I LOVE Louise Erdrich and have just about read everything she's written, and I was so excited to devour her newest book and was disappointed with the Future Home of the Living God. The premise is promising and timely and intriguing, but ultimately it didn't all come together for me. I liked a lot of it, but it felt disjointed overall and most of all, undeveloped. I think that probably this is where a good editor comes into play. I could have used another 100 pages for Erdrich to explore parts of the plot (how things are devolving, maybe another visit to her birth mother - Mary was attached immediately even though it didn't appear so) Parts of this were so good, I just don't feel like it was executed in the general awesomeness that I have come to know and love with her work. I know that this has been a project in the making over 10 years, and that's what it felt like. I'd love to see her go back and add to this book. She's revised Love Medicine before, why not! Love Medicine, Round House, Master Butchers Singing Club, Beet Queen, these are some of my all time favorite books and Louise Erdrich is hands down my favorite contemporary author.
Not your normal dystopian novel. And while comparisons to The Handmaid’s Tale may seem natural, Louise Erdrich’s Future Home of the Living God diverges in ways that should, in the way that good fiction does, inspire readers to pay closer attention to the movements happening just below the surface.At an earlier time the evil envisioned by dystopias featured the work of an authoritarian regime. And while that exists here, the world lapses into chaos, created in part by questions a regime (it is intentionally unclear who that regime is – as if the curtain was pulled back to reveal a Wizard ill-prepared for the responsibilities of his power) designed to exploit but without any ability to create.For readers familiar with Erdrich's look into the colonial mindset and her critique of the idea we've ever become post-colonial there will be some familiar themes -- but explored in a new way.

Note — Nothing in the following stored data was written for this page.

(* Let $N\geq 10^{100000}$ be a real number and $f_N(x)=\dfrac{\log N+\log(x-1)}{\log x}$ for real $x>1$. Let $M\geq 10^5$ be a real number. Then for every $x$ with $M\leq x\leq 2M$ and every $1\leq k\leq 6$, $$0.999999<\frac{f_N^{(k)}(M)}{f_N^{(k)}(x)}<\gamma_k,$$ where $\gamma_1=2.24808$, $\gamma_2=4.53426$, $\gamma_3=9.11515$, $\gamma_4=18.2994$, $\gamma_5=36.7099$, $\gamma_6=73.6077$.
   Context: $f_N^{(k)}$ denotes the $k$-th derivative of $f_N$; $\log$ is the natural logarithm. *)

From Stdlib Require Import Reals ZArith.
From Coquelicot Require Import Coquelicot.
Open Scope R_scope.

(* Outside x > 1 the total Stdlib ln gives junk values, but derivatives at
   points x > 1 only depend on the function near x, where it is the true f_N. *)
Definition fN (N x : R) : R := (ln N + ln (x - 1)) / ln x.

Definition gamma (k : nat) : R :=
  match k with
  | 1%nat => 2.24808
  | 2%nat => 4.53426
  | 3%nat => 9.11515
  | 4%nat => 18.2994
  | 5%nat => 36.7099
  | 6%nat => 73.6077
  | _ => 0
  end.

(* Every derivative of f_N has the closed form
     f_N^(k)(x) = (-1)^k x^(-k) ((ln N + ln (1 - 1/x)) S_k(1/ln x) - T_k(1/(x-1), 1/ln x)),
   where S_k is the polynomial with (1/ln)^(k)(x) = (-1)^k x^(-k) S_k(1/ln x) and the
   small term T_k collects the derivatives of ln (1 - 1/x).  For x >= 10^5 the term T_k
   is below S_k/100 and ln (1 - 1/x) is negligible against ln N >= 230258, so
   f_N^(k)(M)/f_N^(k)(x) is (x/M)^k S_k(1/ln M)/S_k(1/ln x) up to a relative error of
   order 10^-7.  The lower bound follows from x >= M.  For the upper bound, x <= 2M gives
   (x/M)^k <= 2^k and ln x <= ln M + ln 2; since S_k has nonnegative coefficients, the
   ratio S_k(1/a)/S_k(1/(a + ln 2)) decreases in a, so it is largest at a = ln 10^5,
   where gamma_k is checked numerically. *)

From Stdlib Require Import Reals ZArith.
From Coquelicot Require Import Coquelicot.
From Stdlib Require Import Lra Lia List.
Import ListNotations.
Open Scope R_scope.

(** * Polynomials with nonnegative coefficients *)

Fixpoint msum (m : list (R * nat)) (t : R) : R :=
  match m with
  | [] => 0
  | (c, p) :: m' => c * t ^ p + msum m' t
  end.

Definition nonneg_coefs (m : list (R * nat)) : Prop := Forall (fun cp => 0 <= fst cp) m.

Definition pos_exponents (m : list (R * nat)) : Prop := Forall (fun cp => (1 <= snd cp)%nat) m.

Lemma msum_nonneg m t : nonneg_coefs m -> 0 <= t -> 0 <= msum m t.
Proof.
  intros Hm Ht; induction Hm as [|[c p] m Hc Hm IH]; simpl in *; [lra|].
  assert (0 <= c * t ^ p) by (apply Rmult_le_pos; [lra | apply pow_le; lra]).
  lra.
Qed.

Lemma msum_le_compat m t1 t2 : nonneg_coefs m -> 0 <= t1 <= t2 -> msum m t1 <= msum m t2.
Proof.
  intros Hm Ht; induction Hm as [|[c p] m Hc Hm IH]; simpl in *; [lra|].
  assert (c * t1 ^ p <= c * t2 ^ p) by (apply Rmult_le_compat_l; [lra | apply pow_incr; lra]).
  lra.
Qed.

Lemma msum_cons_ge c p m t : nonneg_coefs m -> 0 <= t -> c * t ^ p <= msum ((c, p) :: m) t.
Proof. intros Hm Ht; simpl; pose proof (msum_nonneg m t Hm Ht); lra. Qed.

Lemma msum_le_linear m t r :
  nonneg_coefs m -> pos_exponents m -> 0 <= t <= r -> r * msum m t <= t * msum m r.
Proof.
  intros Hc Hp Ht; induction Hc as [|[c p] m Hc' Hc IH];
    inversion_clear Hp as [|? ? Hp1 Hp']; simpl in *.
  - lra.
  - replace p with (S (p - 1)) by lia; simpl.
    assert (t ^ (p - 1) <= r ^ (p - 1)) by (apply pow_incr; lra).
    assert (0 <= c * t) by (apply Rmult_le_pos; lra).
    assert (c * t * t ^ (p - 1) * r <= c * t * r ^ (p - 1) * r)
      by (apply Rmult_le_compat_r; [lra | apply Rmult_le_compat_l; lra]).
    specialize (IH Hp'); nra.
Qed.

(* Expand (U^r - X^r) (U^r - Y^r) >= 0 and use X^r Y^r <= U^r V^r. *)
Lemma pow_sum_le r X Y U V :
  0 < V -> V <= X <= U -> V <= Y <= U -> X * Y <= U * V -> X ^ r + Y ^ r <= U ^ r + V ^ r.
Proof.
  intros HV HX HY HXY.
  assert (0 < U ^ r) by (apply pow_lt; lra).
  assert (X ^ r <= U ^ r) by (apply pow_incr; lra).
  assert (Y ^ r <= U ^ r) by (apply pow_incr; lra).
  assert (X ^ r * Y ^ r <= U ^ r * V ^ r).
  { rewrite <- !Rpow_mult_distr; apply pow_incr; split; [apply Rmult_le_pos|]; lra. }
  assert (0 <= (U ^ r - X ^ r) * (U ^ r - Y ^ r)) by (apply Rmult_le_pos; lra).
  apply Rmult_le_reg_l with (U ^ r); nra.
Qed.

Lemma monomial_pair_le p q X Y U V :
  0 < V -> V <= X <= U -> V <= Y <= U -> X * Y <= U * V ->
  X ^ p * Y ^ q + X ^ q * Y ^ p <= U ^ p * V ^ q + U ^ q * V ^ p.
Proof.
  intros HV HX HY HXY.
  assert (Hshift : forall p r, X ^ p * Y ^ (p + r) + X ^ (p + r) * Y ^ p
                              <= U ^ p * V ^ (p + r) + U ^ (p + r) * V ^ p).
  { intros n r; rewrite !pow_add.
    replace (X ^ n * (Y ^ n * Y ^ r) + X ^ n * X ^ r * Y ^ n)
      with ((X * Y) ^ n * (X ^ r + Y ^ r)) by (rewrite Rpow_mult_distr; ring).
    replace (U ^ n * (V ^ n * V ^ r) + U ^ n * U ^ r * V ^ n)
      with ((U * V) ^ n * (U ^ r + V ^ r)) by (rewrite Rpow_mult_distr; ring).
    assert (0 <= X ^ r) by (apply pow_le; lra).
    assert (0 <= Y ^ r) by (apply pow_le; lra).
    apply Rmult_le_compat.
    - apply pow_le, Rmult_le_pos; lra.
    - lra.
    - apply pow_incr; split; [apply Rmult_le_pos|]; lra.
    - apply pow_sum_le; assumption. }
  destruct (Nat.le_ge_cases p q).
  - replace q with (p + (q - p))%nat by lia; apply Hshift.
  - replace p with (q + (p - q))%nat by lia; specialize (Hshift q (p - q)%nat); lra.
Qed.

Lemma monomial_msum_cross_le p m X Y U V :
  0 < V -> V <= X <= U -> V <= Y <= U -> X * Y <= U * V -> nonneg_coefs m ->
  X ^ p * msum m Y + msum m X * Y ^ p <= U ^ p * msum m V + msum m U * V ^ p.
Proof.
  intros HV HX HY HXY Hm; induction Hm as [|[d q] m Hd Hm IH]; simpl in *; [lra|].
  pose proof (monomial_pair_le p q X Y U V HV HX HY HXY).
  assert (d * (X ^ p * Y ^ q + X ^ q * Y ^ p) <= d * (U ^ p * V ^ q + U ^ q * V ^ p))
    by (apply Rmult_le_compat_l; lra).
  lra.
Qed.

Lemma msum_cross_le m1 m2 X Y U V :
  0 < V -> V <= X <= U -> V <= Y <= U -> X * Y <= U * V ->
  nonneg_coefs m1 -> nonneg_coefs m2 ->
  msum m1 X * msum m2 Y + msum m2 X * msum m1 Y <= msum m1 U * msum m2 V + msum m2 U * msum m1 V.
Proof.
  intros HV HX HY HXY H1 H2; induction H1 as [|[c p] m1 Hc H1 IH]; simpl in *; [lra|].
  pose proof (monomial_msum_cross_le p m2 X Y U V HV HX HY HXY H2).
  assert (c * (X ^ p * msum m2 Y + msum m2 X * Y ^ p)
          <= c * (U ^ p * msum m2 V + msum m2 U * V ^ p)) by (apply Rmult_le_compat_l; lra).
  lra.
Qed.

Lemma msum_inv_shift_le m a0 a h :
  nonneg_coefs m -> 0 < a0 <= a -> 0 < h ->
  msum m (/ a) * msum m (/ (a0 + h)) <= msum m (/ a0) * msum m (/ (a + h)).
Proof.
  intros Hm Ha Hh.
  assert (0 < / (a + h)) by (apply Rinv_0_lt_compat; lra).
  assert (/ (a + h) <= / a <= / a0) by (split; apply Rinv_le_contravar; lra).
  assert (/ (a + h) <= / (a0 + h) <= / a0) by (split; apply Rinv_le_contravar; lra).
  assert (/ a * / (a0 + h) <= / a0 * / (a + h)).
  { rewrite <- !Rinv_mult; apply Rinv_le_contravar; [apply Rmult_lt_0_compat|]; nra. }
  pose proof (msum_cross_le m m (/ a) (/ (a0 + h)) (/ a0) (/ (a + h))); intuition lra.
Qed.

This book reminded me of Margaret Atwood's "Handmaid's tale" and Meg Elison's "The Book of the Unnamed Midwife". There seem to be more and more books in this somewhat post-apocalyptic vein lately. The catastrophe is not really clearly explained, but for whatever reason, giving birth has suddenly become a very chancy thing both because the child is unlikely to be normal and because the mother is unlikely to survive it. The social order breaks down and the society is trying to apprehend all pregnant women and then later any women who can be inseminated for the sake of the human race. The protagonist - already pregnant - is trying to survive all this while also struggling with revelations about her past.The book is wonderfully written. The characters are so alive and gutsy, and the constant suspense made me keep turning pages until the very end.

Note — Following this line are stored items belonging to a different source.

(* Let $p$ be any prime and $k$ a field of characteristic $p$. Then $L_1\neq L_2$.
   Context: Let $X=\{x_1,x_2,\ldots\}$ be a countably infinite set and let $k_0\langle X\rangle$ denote the free associative $k$-algebra (without identity) on $X$. A $T$-space of $k_0\langle X\rangle$ is a $k$-linear subspace closed under every algebra endomorphism of $k_0\langle X\rangle$; the $T$-space generated by a subset is the smallest $T$-space containing it. Let $L_1$ be the $T$-space generated by $x_1^p$, and let $L_2$ be the $T$-space generated by $L_1$ together with all products $u\,v^p$ with $u\in L_1$, $v\in k_0\langle X\rangle$ (equivalently, the $T$-space generated by $x_1^p$ and $x_1^px_2^p$). *)

From mathcomp Require Import all_boot all_algebra.
Set Implicit Arguments. Unset Strict Implicit. Unset Printing Implicit Defensive.
Import GRing.Theory.
Local Open Scope ring_scope.

(* The free associative k-algebra without identity k_0<X> on X = {x_0, x_1, ...}
   (variables indexed by nat; the paper's x_1, x_2 are our x_0, x_1).
   An element is represented by its coefficient function on words
   (words = seq nat), with finite support and zero coefficient on the empty word. *)
Section FreeAlg.
Variable k : fieldType.

Definition poly_t := seq nat -> k.

Definition inFA (f : poly_t) : Prop :=
  f [::] = 0 /\ exists s : seq (seq nat), forall w, f w != 0 -> w \in s.

Definition fa_zero : poly_t := fun _ => 0.
Definition fa_add (f g : poly_t) : poly_t := fun w => f w + g w.
Definition fa_scale (a : k) (f : poly_t) : poly_t := fun w => a * f w.
Definition fa_mul (f g : poly_t) : poly_t := fun w =>
  \sum_(i < (size w).+1) f (take i w) * g (drop i w).
Definition fa_var (i : nat) : poly_t := fun w => (w == [:: i])%:R.
Definition fa_pow (f : poly_t) (n : nat) : poly_t := iter n.-1 (fa_mul f) f.

Definition fa_endo (phi : poly_t -> poly_t) : Prop :=
  (forall f, inFA f -> inFA (phi f)) /\
  (forall a f g, inFA f -> inFA g ->
     phi (fa_add (fa_scale a f) g) = fa_add (fa_scale a (phi f)) (phi g)) /\
  (forall f g, inFA f -> inFA g -> phi (fa_mul f g) = fa_mul (phi f) (phi g)).

Definition T_space (S : poly_t -> Prop) : Prop :=
  (forall f, S f -> inFA f) /\
  S fa_zero /\
  (forall a f g, S f -> S g -> S (fa_add (fa_scale a f) g)) /\
  (forall phi, fa_endo phi -> forall f, S f -> S (phi f)).

Definition T_gen (G : poly_t -> Prop) (f : poly_t) : Prop :=
  inFA f /\ forall S, T_space S -> (forall g, G g -> S g) -> S f.

Definition L1 (p : nat) : poly_t -> Prop :=
  T_gen (fun g => g = fa_pow (fa_var 0) p).

Definition L2 (p : nat) : poly_t -> Prop :=
  T_gen (fun g => L1 p g \/
           exists u v, L1 p u /\ inFA v /\ g = fa_mul u (fa_pow v p)).

End FreeAlg.

From HB Require Import structures.
From mathcomp Require Import all_boot all_algebra.
From mathcomp Require Import boolp.
From mathcomp Require Import zify.
Set Implicit Arguments. Unset Strict Implicit. Unset Printing Implicit Defensive.
Import GRing.Theory.
Local Open Scope ring_scope.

Began a bit slow, but was reading it with my heart in my mouth soon enough. They had this idea going back at least to the eighteenth century that diaries and letters constructed interiority and character, that people literally wrote themselves into having interior lives. The narrator of this apocalyptic story is writing her child’s interiority into being, telling the baby of their story, where they came from and where they are. The author is known as a writer’s writer, with a huge vision and elegant execution, but this time she has made a story with a more accessible premise. A huge treat for both longtime fans and first-time readers.
Awesome story. Perfect for the times. I don't want to give the story away, but I will say Louise Erdrich is one of the best writers in the world and I'm never sure why the prizes don't go to her. Anyway, this book takes many current issues on in a post-apocalyptic setting, a technique allowing re-consideration of seemingly inviolate attitudes all liberals must embrace or be "out of synch", without having to give up anything up front. Consequences of inviolate attitudes can mean coming up blindfolded when we need to see another side or point of view in depth and with feeling. Doesn't have to though, when someone hands us a gift like this one. Highly recommend.
A slow read. Just when you are about to give up, she writes an interesting twist that keeps you going. That is until you get to an extremely disappointing ending. This book is not up to her usual standards.